People who require feeding are more vulnerable to aspiration than people who self-feed. Simply controlling when food and/or liquid is placed in the mouth, enables a person to be more prepared to receive the food or liquid. Their sequence for breathing will better coordinate with the placement of food in their mouth, and, consequentially, reduce the risk of aspiration. For many individuals who cannot self-feed, assistive technology is now available to let them control their own eating and with the rapidly rising costs of health care, prevention must become a primary goal.

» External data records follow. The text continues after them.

(* B-balanced maps, B = A^{coH}: the defining condition of A (x)_B A *)
Definition balanced (H A : algType F) (AH : tensor A H) (delta : A -> tcarrier AH)
  : forall W : lmodType F, (A -> A -> W) -> Prop :=
  fun W f => forall a b a', coinv delta b -> f (a * b) a' = f a (b * a').

Definition galois_map (H A : algType F) (AH : tensor A H) (delta : A -> tcarrier AH)
    (ABA : tensor_with (balanced delta)) : tcarrier ABA -> tcarrier AH :=
  tlift ABA (fun a' a => tmul (tens AH a' 1) (delta a)).

Definition rmulB (H A : algType F) (AH : tensor A H) (delta : A -> tcarrier AH)
    (ABA : tensor_with (balanced delta)) (c : A) : tcarrier ABA -> tcarrier ABA :=
  tlift ABA (fun x y => tens ABA x (y * c)).



Arguments galois_map {H A AH delta} ABA _.
Arguments rmulB {H A AH delta} ABA c _.

Definition transl (H A : algType F) (AH : tensor A H) (delta : A -> tcarrier AH)
    (ABA : tensor_with (balanced delta)) (chiinv : tcarrier AH -> tcarrier ABA)
    (h : H) : tcarrier ABA :=
  chiinv (tens AH 1 h).


Arguments transl {H A AH delta} ABA chiinv h.

Definition lcoact (H A : algType F) (AH : tensor A H) (delta : A -> tcarrier AH)
    (HA : tensor H A) (Sinv : H -> H) (a : A) : tcarrier HA :=
  tlift AH (fun a0 h => tens HA (Sinv h) a0) (delta a).

(* A^H box ^H A = ker(delta (x) id - id (x) ldelta), both sides viewed in
   A (x) H (x) A (bracketed as A (x) (H (x) A) via the associator) *)
Definition cotensor (H A : algType F) (AH : tensor A H) (delta : A -> tcarrier AH)
    (HA : tensor H A) (Sinv : H -> H) (AA : tensor A A)
    (AH_A : tensor (tcarrier AH) A) (A_HA : tensor A (tcarrier HA))
    (X : tcarrier AA) : Prop :=
  tassoc AH AH_A HA A_HA (tmap AA AH_A delta id X)
  = tmap AA A_HA id (lcoact delta HA Sinv) X.

Definition coact_AA (H A : algType F) (AH : tensor A H) (delta : A -> tcarrier AH)
    (AA : tensor A A) (AA_H : tensor (tcarrier AA) H) : tcarrier AA -> tcarrier AA_H :=
  tlift AA (fun a a' =>
    tlift AH (fun a0 h0 =>
      tlift AH (fun a1 h1 => tens AA_H (tens AA a0 a1) (h0 * h1)) (delta a'))
    (delta a)).

Definition coinvAA (H A : algType F) (AH : tensor A H) (delta : A -> tcarrier AH)
    (AA : tensor A A) (AA_H : tensor (tcarrier AA) H) (X : tcarrier AA) : Prop :=
  coact_AA delta AA_H X = tens AA_H X 1.

Definition galoisC (H A : algType F) (AH : tensor A H) (delta : A -> tcarrier AH)
    (ABA : tensor_with (balanced delta)) (chiinv : tcarrier AH -> tcarrier ABA)
    (AA : tensor A A) (A_ABA : tensor A (tcarrier ABA)) (X : tcarrier AA) : Prop :=
  tlift AA (fun a a' =>
    tlift AH (fun a0 h => tens A_ABA a0 (rmulB ABA a' (transl ABA chiinv h)))
      (delta a)) X
  = tmap AA A_ABA id (fun a' => tens ABA a' 1) X.

End Tensor.

Arguments tcarrier {F U V P} t : rename.
Arguments tens {F U V P} t : rename.
Arguments tlift {F U V P} t {W} f : rename.
Arguments tmap {F U V U' V' P} T T' f g.
Arguments tassoc {F U V W} T1 T12 T2 T23.
Arguments galois_map {F H A AH delta} ABA _.
Arguments rmulB {F H A AH delta} ABA c _.
Arguments transl {F H A AH delta} ABA chiinv h.

(* The three conditions are compared by transporting them along linear maps, none of which
   needs to be an isomorphism: it suffices that f sends the two sides of one equation to the two
   sides of the other and that some g sends them back.
   - a (x) h (x) b |-> a (x) b_(0) (x) h b_(1) sends the two sides of the cotensor condition to
     delta^{A(x)A}(X) and X (x) 1, the second because S^-1(h_(2)) h_(1) = eps(h) 1.  The map
     (a (x) b) (x) k |-> a (x) k S^-1(b_(1)) (x) b_(0) goes back, by h_(2) S^-1(h_(1)) = eps(h) 1.
   - id (x) chi sends the two sides of the defining equation of C to delta^{A(x)A}(X) and
     X (x) 1, because chi(y c) = chi(y) delta(c) and chi(tau(h)) = 1 (x) h; id (x) chi^-1 goes
     back.
   The two identities for S^-1 are S(h_(1)) h_(2) = eps(h) 1 = h_(1) S(h_(2)) transported by S,
   which is an anti-algebra map by the usual convolution argument. *)
From HB Require Import structures.
From mathcomp Require Import all_boot all_algebra.
From Stdlib Require Import FunctionalExtensionality.
Set Implicit Arguments. Unset Strict Implicit. Unset Printing Implicit Defensive.
Import GRing.Theory.
Local Open Scope ring_scope.

Create HintDb lin_db.

Lemma eq_transfer (T1 T2 : Type) (f : T1 -> T2) (g : T2 -> T1) x1 x2 y1 y2 :
  f x1 = y1 -> f x2 = y2 -> g y1 = x1 -> g y2 = x2 -> x1 = x2 <-> y1 = y2.
Proof. by move=> <- <- gy1 gy2; split=> [-> // | e]; rewrite -gy1 -gy2 e. Qed.

Section Linear.
Variable F : fieldType.
Implicit Types U V W Y : lmodType F.

Definition lin_form U (e : U -> F) := forall a u v, e (a *: u + v) = a * e u + e v.

Lemma lin0 U W (f : U -> W) : lin f -> f 0 = 0.
Proof.
move=> f_lin; have := f_lin 1 0 0; rewrite !scale1r !addr0 => e.
by apply: (addrI (f 0)); rewrite addr0 -e.
Qed.

Lemma linZ U W (f : U -> W) a u : lin f -> f (a *: u) = a *: f u.
Proof. by move=> f_lin; have := f_lin a u 0; rewrite !addr0 (lin0 f_lin) addr0. Qed.

Lemma lin_id U : lin (fun x : U => x). Proof. by []. Qed.

Lemma lin_comp U V W (f : U -> V) (g : V -> W) : lin g -> lin f -> lin (fun x => g (f x)).
Proof. by move=> g_lin f_lin c u v; rewrite f_lin g_lin. Qed.

Lemma lin_add U W (f g : U -> W) : lin f -> lin g -> lin (fun x => f x + g x).
Proof. by move=> f_lin g_lin c u v; rewrite f_lin g_lin scalerDr addrACA. Qed.

Lemma lin_scale U W c (f : U -> W) : lin f -> lin (fun x => c *: f x).
Proof. by move=> f_lin d u v; rewrite f_lin scalerDr !scalerA mulrC. Qed.

Lemma lin_form_scale U V W (e : V -> F) (w : W) (f : U -> V) :
  lin_form e -> lin f -> lin (fun x => e (f x) *: w).
Proof. by move=> e_lin f_lin c u v; rewrite f_lin e_lin scalerDl scalerA. Qed.

Lemma lin_mull (A : algType F) (c : A) : lin ( *%R c).
Proof. by move=> a u v; rewrite /= mulrDr scalerAr. Qed.

Lemma lin_mulr (A : algType F) (c : A) : lin (fun x => x * c).
Proof. by move=> a u v; rewrite mulrDl scalerAl. Qed.

Lemma lin_mulr_comp U (A : algType F) (c : A) (f : U -> A) :
  lin f -> lin (fun x => f x * c).
Proof. by move=> f_lin; apply: (lin_comp (g := fun y => y * c)) => //; apply: lin_mulr. Qed.

Section TensorLift.
Variables (U V : lmodType F) (P : forall W : lmodType F, (U -> V -> W) -> Prop).
Variable T : tensor_with P.

Lemma lin_tensl v : lin (fun u => tens T u v).
Proof. by case: (tens_bilin T). Qed.

Lemma lin_tensr u : lin (tens T u).
Proof. by case: (tens_bilin T). Qed.

Lemma lin_tensl_comp Y v (f : Y -> U) : lin f -> lin (fun x => tens T (f x) v).
Proof. by move=> f_lin; apply: (lin_comp (g := fun u => tens T u v)) => //; apply: lin_tensl. Qed.

Lemma lin_tlift_comp Y W (f : U -> V -> W) (z : Y -> tcarrier T) :
  bilin f -> P f -> lin z -> lin (fun x => tlift T f (z x)).
Proof. by move=> f_bil f_P z_lin; apply: lin_comp => //; apply: tlift_lin. Qed.

Lemma lin_tlift_param Y W (f : Y -> U -> V -> W) x :
  (forall p, bilin (f p)) -> (forall p, P (f p)) -> (forall u v, lin (fun p => f p u v)) ->
  lin (fun p => tlift T (f p) x).
Proof.
move=> f_bil f_P f_lin c p q; move: x; apply: tens_ext.
- exact: tlift_lin.
- by apply: lin_add; [apply: lin_scale|]; apply: tlift_lin.
by move=> u v; rewrite !tliftE // f_lin.
Qed.

Lemma tlift_postcomp W (W' : lmodType F) (g : W -> W') (f : U -> V -> W) :
  lin g -> bilin f -> P f -> bilin (fun u v => g (f u v)) -> P (fun u v => g (f u v)) ->
  forall x, g (tlift T f x) = tlift T (fun u v => g (f u v)) x.
Proof.
move=> g_lin f_bil f_P gf_bil gf_P; apply: tens_ext.
- by apply: lin_comp => //; apply: tlift_lin.
- exact: tlift_lin.
by move=> u v; rewrite !tliftE.
Qed.

Lemma eq_tlift W (f g : U -> V -> W) x :
  (forall u v, f u v = g u v) -> tlift T f x = tlift T g x.
Proof.
by move=> efg; congr tlift; apply: functional_extensionality => u;
  apply: functional_extensionality.
Qed.

End TensorLift.

Lemma tlift_tlift U1 V1 U2 V2 W P1 P2
    (T1 : tensor_with (U:=U1) (V:=V1) P1) (T2 : tensor_with (U:=U2) (V:=V2) P2)
    (f1 : U1 -> V1 -> W) (f2 : U2 -> V2 -> tcarrier T1) x :
  bilin f1 -> P1 W f1 -> bilin f2 -> P2 _ f2 ->
  bilin (fun u v => tlift T1 f1 (f2 u v)) -> P2 W (fun u v => tlift T1 f1 (f2 u v)) ->
  tlift T1 f1 (tlift T2 f2 x) = tlift T2 (fun u v => tlift T1 f1 (f2 u v)) x.
Proof. by move=> *; apply: tlift_postcomp => //; apply: tlift_lin. Qed.

End Linear.

#[export] Hint Extern 1 (lin _) => exact: lin_id : lin_db.
#[export] Hint Extern 1 (lin _) => exact: lin_mull : lin_db.
#[export] Hint Extern 1 (lin _) => exact: lin_mulr : lin_db.
#[export] Hint Extern 1 (lin _) => exact: lin_tensr : lin_db.

Ltac solve_lin :=
  let rec go :=
  cbv beta;
  lazymatch goal with
  | |- _ = _ => fail
  | |- lin _ => lin_go
  | |- bilin _ => split; go
  | |- forall _, _ => intro; go
  | |- @no_cond _ _ _ _ _ => exact I
  | |- _ => solve [auto with lin_db]
  end
  with lin_go := first
     [ solve [auto with lin_db]
     | match goal with
       | |- lin (tlift _ _) => eapply tlift_lin; go
       | |- lin (fun x => tens _ (@?a x) _) => eapply lin_tensl_comp; go
       | |- lin (fun x => tlift _ _ (@?z x)) => eapply lin_tlift_comp; go
       | |- lin (fun x => tlift _ (@?f x) _) => eapply lin_tlift_param; go
       | |- lin (fun x => @?a x + @?b x) => eapply lin_add; go
       | |- lin (fun x => _ *: @?a x) => eapply lin_scale; go
       | |- lin (fun x => ?e (@?a x) *: ?w) => eapply (@lin_form_scale _ _ _ _ e w a); go
       | |- lin (fun x => @?a x * _) => eapply lin_mulr_comp; go
       (* an identity inner map would make [lin_comp] loop *)
       | |- lin (fun x => ?g x) => fail 1
       | |- lin (fun x => ?g x ?y) => fail 1
       | |- lin (fun x => ?g x ?y ?y') => fail 1
       | |- lin (fun x => ?g (@?a x)) => eapply (@lin_comp _ _ _ _ a g); go
       | |- lin (fun x => ?g (@?a x) ?y) => eapply (@lin_comp _ _ _ _ a (fun z => g z y)); go
       | |- lin (fun x => ?g (@?a x) ?y ?y') =>
           eapply (@lin_comp _ _ _ _ a (fun z => g z y y')); go
       end ] in go.

Ltac simpl_tlift := repeat (rewrite tliftE; try solve_lin).
Ltac fuse_tlift := rewrite tlift_tlift; try solve_lin.
Ltac simpl_tlift_under := under eq_tlift => ? ? do simpl_tlift.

For information about the Mealtime Partner Dining System, you can visit the Mealtime Partners' website, or view our 4 minute video. There is no other assistive dining system that meets the needs of the users, like the Mealtime Partner.

Choking Prevention

On February 22, 2010 the American Academy of Pediatrics (AAP) released a Policy Statement on choking prevention for young children. Because choking is a leading cause of injury and death among children, especially those 3 and younger, AAP has issued recommendations for government agencies, manufacturers, parents, teachers, childcare workers and healthcare professionals to help prevent choking in children. (Read the entire AAP Policy Statement.)

AAP identifies certain toys and foods as high-risk items for choking. Foods that pose the greatest choking risks are round or oval (for the most-part) and can restrict air-flow if they are sucked into the wind pipe. Additionally, foods that do not dissolve easily or rapidly are a high risk. Examples of high risk foods are: whole grapes, hot dogs, peanuts, round hard candy, meat, carrots, apples, chewing gum, and chunks of peanut butter. How foods that pose a risk of choking are prepared for eating can greatly reduce the risk. Grapes, hot dogs, carrots, and other round shaped foods should never be cut into approximately-spherical portions of food, instead they should always be cut into small random shapes that will not completely obstruct the flow of air through the windpipe should they be aspirated.

It should also be noted that the recommendations provided by AAP about food preparation are of great value to individuals of all ages who have oral motor difficulties and/or are unable to feed themselves. When someone is unable to self-feed they usually do not prepare bites of food for themselves, and thus, do not cut up food to the size and shape that they might desire.

Mealtime Partners, Inc. would like to express our appreciation to the American Academy of Pediatrics for drawing national attention to the important issue of choking in young children.


MtP Tip of the Month: It is a good idea to practice how you will help someone who sits in a wheelchair and uses a chest strap (or other type of harness), and is choking. Everyone who works and/or lives with the individual should know exactly how to react if the individual were to choke. It is easy to develop a “script” of steps to be taken and post it somewhere where it is readily available. This allows everyone to react efficiently and effectively should a problem arise, and lessens the risk of the foreign material that has caused the choke to be inhaled further into the windpipe.


Good Buttocks Positioning Promotes Safe Eating

Buttocks are the rounded portions of the anatomy located on the posterior of the pelvic region. They are formed by the masses of the gluteal muscles covered by a layer of fat of varying thickness, depending upon the individual. The buttocks allow us to sit upright without having to rest our weight on our hands or feet, to balance ourselves.

Stable positioning of the buttocks facilitates the body coordination necessary for safe and comfortable eating. If the buttocks and thighs are well supported and are weight bearing, the trunk, shoulders, neck and head have a firm platform beneath them and are more able to produce the well-coordinated movement(s) necessary to produce harmonized chewing and swallowing that is essential for safe eating.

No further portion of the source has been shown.